Before Atwater saw that he had gone too far, he stood by Goodin's memo. On Monday he called it "no big deal" and "factually accurate." Like the police captain in Casablanca who was shocked that gambling was going on, Atwater professed astonishment that anyone could interpret the memo as a slur on Foley. Other Republicans who understood the memo's unmistakable meaning dissociated themselves, from George Bush on down. Even Congressman Vin Weber, a close friend of Gingrich's, called the memo an "abomination," pointing out that this had nothing to do with enforcing tough ethical standards and everything to do with "character assassination." By Tuesday, Atwater was backpedaling, saying he had not approved the memo: "I feel confident that if I had seen this, it would not have gone out." Atwater apologized to Foley; Gingrich also apologized and disavowed his aide's actions. Wednesday Goodin cleaned out his desk.
Democrats like Beryl Anthony of Arkansas contend that this is another episode in the "bad employee-good superior" political mud wrestling that Atwater perfected during the campaign. Staffers, encouraged by their bosses, go on the attack, then -- like a corps of civilian Ollie Norths -- take the blame and are publicly rebuked. The superiors apologize.

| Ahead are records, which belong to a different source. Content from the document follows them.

Lemma cutoff_first_term Q N c c0 b eps P :
  0 < Q -> 0 < N -> 0 < b -> c <= c0 -> eps <= 1 / 2 ->
  2 * ln (8 * Q / b) + c0 + 1 <= ln N -> 0 < P -> / P <= exp ((ln N - c) / 2 + eps) ->
  4 * Q / (N * P) <= b / 2 * exp (- c).
Proof.
move=> Q_gt0 N_gt0 b_gt0 c_le eps_le LN P_gt0 invP.
have small : exp ((c - ln N) / 2 + eps) <= b / (8 * Q).
  have -> : b / (8 * Q) = exp (- ln (8 * Q / b)).
    by rewrite exp_Ropp exp_ln ?Rinv_div //; apply: Rdiv_lt_0_compat; lra.
  by apply: exp_le; lra.
have split_exp : / N * exp ((ln N - c) / 2 + eps) = exp (- c) * exp ((c - ln N) / 2 + eps).
  have -> : / N = exp (- ln N) by rewrite exp_Ropp exp_ln.
  by rewrite -!exp_plus; congr exp; field.
have ec := exp_pos (- c); have en := exp_pos ((c - ln N) / 2 + eps).
apply: (Rle_trans _ (4 * Q * (exp (- c) * exp ((c - ln N) / 2 + eps)))).
  rewrite -split_exp /Rdiv Rinv_mult; apply: Rmult_le_compat_l; first lra.
  by apply: Rmult_le_compat_l => //; apply/Rlt_le/Rinv_0_lt_compat.
have : 4 * Q * exp ((c - ln N) / 2 + eps) <= 4 * Q * (b / (8 * Q)) by apply: Rmult_le_compat_l; lra.
have -> : 4 * Q * (b / (8 * Q)) = b / 2 by field; lra.
nra.
Qed.

Lemma cutoff_second_term N c b eps P :
  0 < N -> 0 < b -> 0 <= eps -> eps <= 1 / 4 -> eps <= b / 64 ->
  0 < P -> / P <= exp ((ln N - c) / 2 + eps) ->
  8 / (N * P ^ 2) <= (8 + b / 2) * exp (- c).
Proof.
move=> N_gt0 b_gt0 eps_ge0 eps_le1 eps_le2 P_gt0 invP.
have invP2 : / P ^ 2 <= exp (ln N - c + 2 * eps).
  have -> : ln N - c + 2 * eps = INR 2 * ((ln N - c) / 2 + eps) by rewrite /=; field.
  rewrite exp_mulINR -pow_inv; apply: pow_incr; split => //.
  by apply/Rlt_le/Rinv_0_lt_compat.
have exp2 : exp (2 * eps) <= 1 + 2 * (2 * eps) by apply: exp_le_1_add_2x; lra.
have split_exp : / N * exp (ln N - c + 2 * eps) = exp (- c) * exp (2 * eps).
  have -> : / N = exp (- ln N) by rewrite exp_Ropp exp_ln.
  by rewrite -!exp_plus; congr exp; ring.
have ec := exp_pos (- c).
apply: (Rle_trans _ (8 * (exp (- c) * exp (2 * eps)))).
  rewrite -split_exp /Rdiv Rinv_mult; apply: Rmult_le_compat_l; first lra.
  by apply: Rmult_le_compat_l => //; apply/Rlt_le/Rinv_0_lt_compat.
nra.
Qed.

Lemma cutoff_bound Q N c c0 b eps P :
  2 <= Q -> 0 < N -> 0 < b -> c <= c0 -> 0 <= eps <= Rmin (1 / 4) (b / 64) ->
  2 * ln (8 * Q / b) + c0 + 1 <= ln N -> 0 < P -> / P <= exp ((ln N - c) / 2 + eps) ->
  1 - (4 * Q + b) * exp (- c) <= 1 - 4 * Q / (N * P) - 8 / (N * P ^ 2).
Proof.
move=> Q2 N_gt0 b_gt0 c_le [eps_ge0 eps_le] LN P_gt0 invP.
have [eps_le1 eps_le2] : eps <= 1 / 4 /\ eps <= b / 64.
  by split; apply: Rle_trans eps_le _; [apply: Rmin_l | apply: Rmin_r].
have := cutoff_first_term (c0 := c0) (eps := eps) _ N_gt0 b_gt0 c_le _ LN P_gt0 invP.
have := cutoff_second_term N_gt0 b_gt0 eps_ge0 eps_le1 eps_le2 P_gt0 invP.
have := exp_pos (- c); move=> ec second first.
have := first ltac:(lra) ltac:(lra); nra.
Qed.

Lemma eventually_cutoff_regime Q L0 delta : 0 < Q -> 0 < delta ->
  exists T, forall N, T <= N -> 2 * Q <= N /\ L0 <= ln N /\ Q * ln N / N <= delta.
Proof.
move=> Q_gt0 d_gt0; exists (Rmax (Rmax (2 * Q) (exp L0)) ((2 * Q / delta) ^ 2)) => N NT.
have [[N2Q NL0] Nsq] : (2 * Q <= N /\ exp L0 <= N) /\ (2 * Q / delta) ^ 2 <= N.
  by split; [split|]; apply: Rle_trans NT; rewrite ?Rmax_Rle; auto using Rle_refl.
have N_gt0 : 0 < N by lra.
split=> //; split.
  by apply: Rnot_lt_le => /exp_increasing; rewrite exp_ln //; lra.
have s_ge : 2 * Q / delta <= sqrt N.
  rewrite -(sqrt_pow2 (2 * Q / delta)); first exact: sqrt_le_1_alt.
  by apply/Rlt_le/Rdiv_lt_0_compat; lra.
have lnN := ln_le_2sqrt N_gt0.
set s := sqrt N in s_ge lnN; have s_gt0 : 0 < s := sqrt_lt_R0 _ N_gt0.
have sN : s * s = N by apply: sqrt_sqrt; lra.
have le_2s : Q * ln N / N <= Q * (2 * s) / N.
  by apply: Rmult_le_compat_r; [apply/Rlt_le/Rinv_0_lt_compat | apply: Rmult_le_compat_l]; lra.
rewrite (_ : Q * (2 * s) / N = 2 * Q / s) in le_2s; last by rewrite -sN; field; lra.
have Q_le : 2 * Q <= delta * s.
  have := Rmult_le_compat_l _ _ _ (Rlt_le _ _ d_gt0) s_ge.
  by have -> : delta * (2 * Q / delta) = 2 * Q by field; lra.
have : 2 * Q / s <= delta.
  by apply: (Rmult_le_reg_r s) => //; rewrite /Rdiv Rmult_assoc Rinv_l; lra.
lra.
Qed.

Lemma tv_cutoff_ge (q n : nat) (q_gt1 : (1 < q)%nat) (n_gt0 : (0 < n)%nat) k c c0 b :
  let N := INR (n * (q - 1)) in
  0 < b -> 0 <= c -> c <= Rmin c0 (ln N) -> INR k = N / (2 * INR q) * (ln N - c) ->
  2 * INR q <= N -> 2 * ln (8 * INR q / b) + c0 + 1 <= ln N ->
  INR q * ln N / N <= Rmin (1 / 4) (b / 64) ->
  1 - (4 * INR q + b) * exp (- c) <= tv (nu (ltnW q_gt1) k) (@unif q n).
Proof.
move=> N b_gt0 c_ge0 c_le k_def QN LN lnN_le.
have Q2 := Q_ge2 q_gt1; have N_gt0 : 0 < N := N_gt0 q_gt1 n_gt0.
have [QN0 QN1] := Q_div_N_bounds q_gt1 n_gt0 QN; rewrite -/N in QN0 QN1.
have c_lnN : c <= ln N := Rle_trans _ _ _ c_le (Rmin_r _ _).
set eps := (ln N - c) * INR q / N.
have eps_bounds : 0 <= eps <= Rmin (1 / 4) (b / 64).
  split; first by apply: Rmult_le_pos; [apply: Rmult_le_pos|apply/Rlt_le/Rinv_0_lt_compat]; lra.
  apply: Rle_trans lnN_le; rewrite /eps /Rdiv (Rmult_comm (ln N - c)).
  apply: Rmult_le_compat_r; first by apply/Rlt_le/Rinv_0_lt_compat.
  by apply: Rmult_le_compat_l; lra.
have P_gt0 : 0 < (1 - INR q / N) ^ k by apply: pow_lt; lra.
have P_ge : exp (- ((ln N - c) / 2 + eps)) <= (1 - INR q / N) ^ k.
  have -> : (ln N - c) / 2 + eps = INR k * (INR q / N + 2 * (INR q / N) ^ 2).
    by rewrite k_def /eps; field; lra.
  by apply: pow_1_sub_ge_exp; lra.
apply: Rle_trans (tv_walk_ge q_gt1 n_gt0 k QN).
apply: (cutoff_bound (eps := eps)) => //.
- exact: Rle_trans c_le (Rmin_l _ _).
- exact: LN.
- exact: inv_le_exp P_ge.
Qed.

Close Scope R_scope.

Theorem theorem1p3 (q : nat) (hq : (2 <= q)%N) (c0 : R) (hc0 : (0 < c0)%R) :
  forall b : R, (0 < b)%R ->
  exists n0 : nat, (0 < n0)%N /\
    forall (n k : nat) (c : R), (n0 <= n)%N ->
      (0 <= c)%R -> (c <= Rmin c0 (ln (INR (n * (q - 1)))))%R ->
      INR k = (INR (n * (q - 1)) / (2 * INR q) * (ln (INR (n * (q - 1))) - c))%R ->
      (1 - (4 * INR q + b) * exp (- c) <= @tv q n (@nu q n (ltnW hq) k) (@unif q n))%R.
Proof.
move=> b b_gt0; have Q2 := Q_ge2 hq.
have delta_gt0 : (0 < Rmin (1 / 4) (b / 64))%R by apply: Rmin_glb_lt; lra.
have [T regime] := eventually_cutoff_regime (2 * ln (8 * INR q / b) + c0 + 1)
  (ltac:(lra) : (0 < INR q)%R) delta_gt0.
have [n0 n0_gt] := INR_unbounded T.
exists n0.+1; split=> // n k c n_ge c_ge0 c_le k_def.
have n_gt0 : (0 < n)%N by apply: leq_trans n_ge.
have N_ge : (T <= INR (n * (q - 1)))%R.
  apply/Rlt_le/(Rlt_le_trans _ _ _ n0_gt)/le_INR/leP.
  by apply: leq_trans (ltnW n_ge) _; apply: leq_pmulr; rewrite subn_gt0.
have [QN [LN lnN_le]] := regime _ N_ge.
exact: (tv_cutoff_ge hq n_gt0 b_gt0 c_ge0 c_le k_def QN LN lnN_le).
Qed.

Yet by the time Atwater and Gingrich apologized, the rumor had achieved its purpose. Foley was forced to deny it both on national television and before a party caucus. One Democrat at the meeting said that all around him eyes were averted when Foley, married 20 years and with the bearing and rectitude of a parish priest, had to assure his colleagues he was not a homosexual.
Whether out of embarrassment or conciliation, Foley sought to downplay the incident, calling for an end to this "political Beirut." Barney Frank was less forgiving. Calling the story scurrilous, he warned Republicans, "If they don't cut the crap, something's going to happen, and I'm going to happen it." He knows of five top Republican officials who are homosexual, he says, adding, "My list will be accurate."
The Congress now stands as a paradox of Lord Acton's observation that power corrupts. Losing corrupts too; 35 years of rule by the majority Democrats has embittered congressional Republicans. Even the normally easygoing minority leader, Bob Michel, has toughened his tone, angering Democrats by calling their monopoly on power a "corrosive acid upon the restraints of stability and comity."
Foley is not letting personal attacks on him keep the House from cleaning up its mess; his first joint act with Michel was to ask for a tough ethics-reform package. Investigating Congressmen who abuse the public trust is the proper business of the House. Mudslinging is not.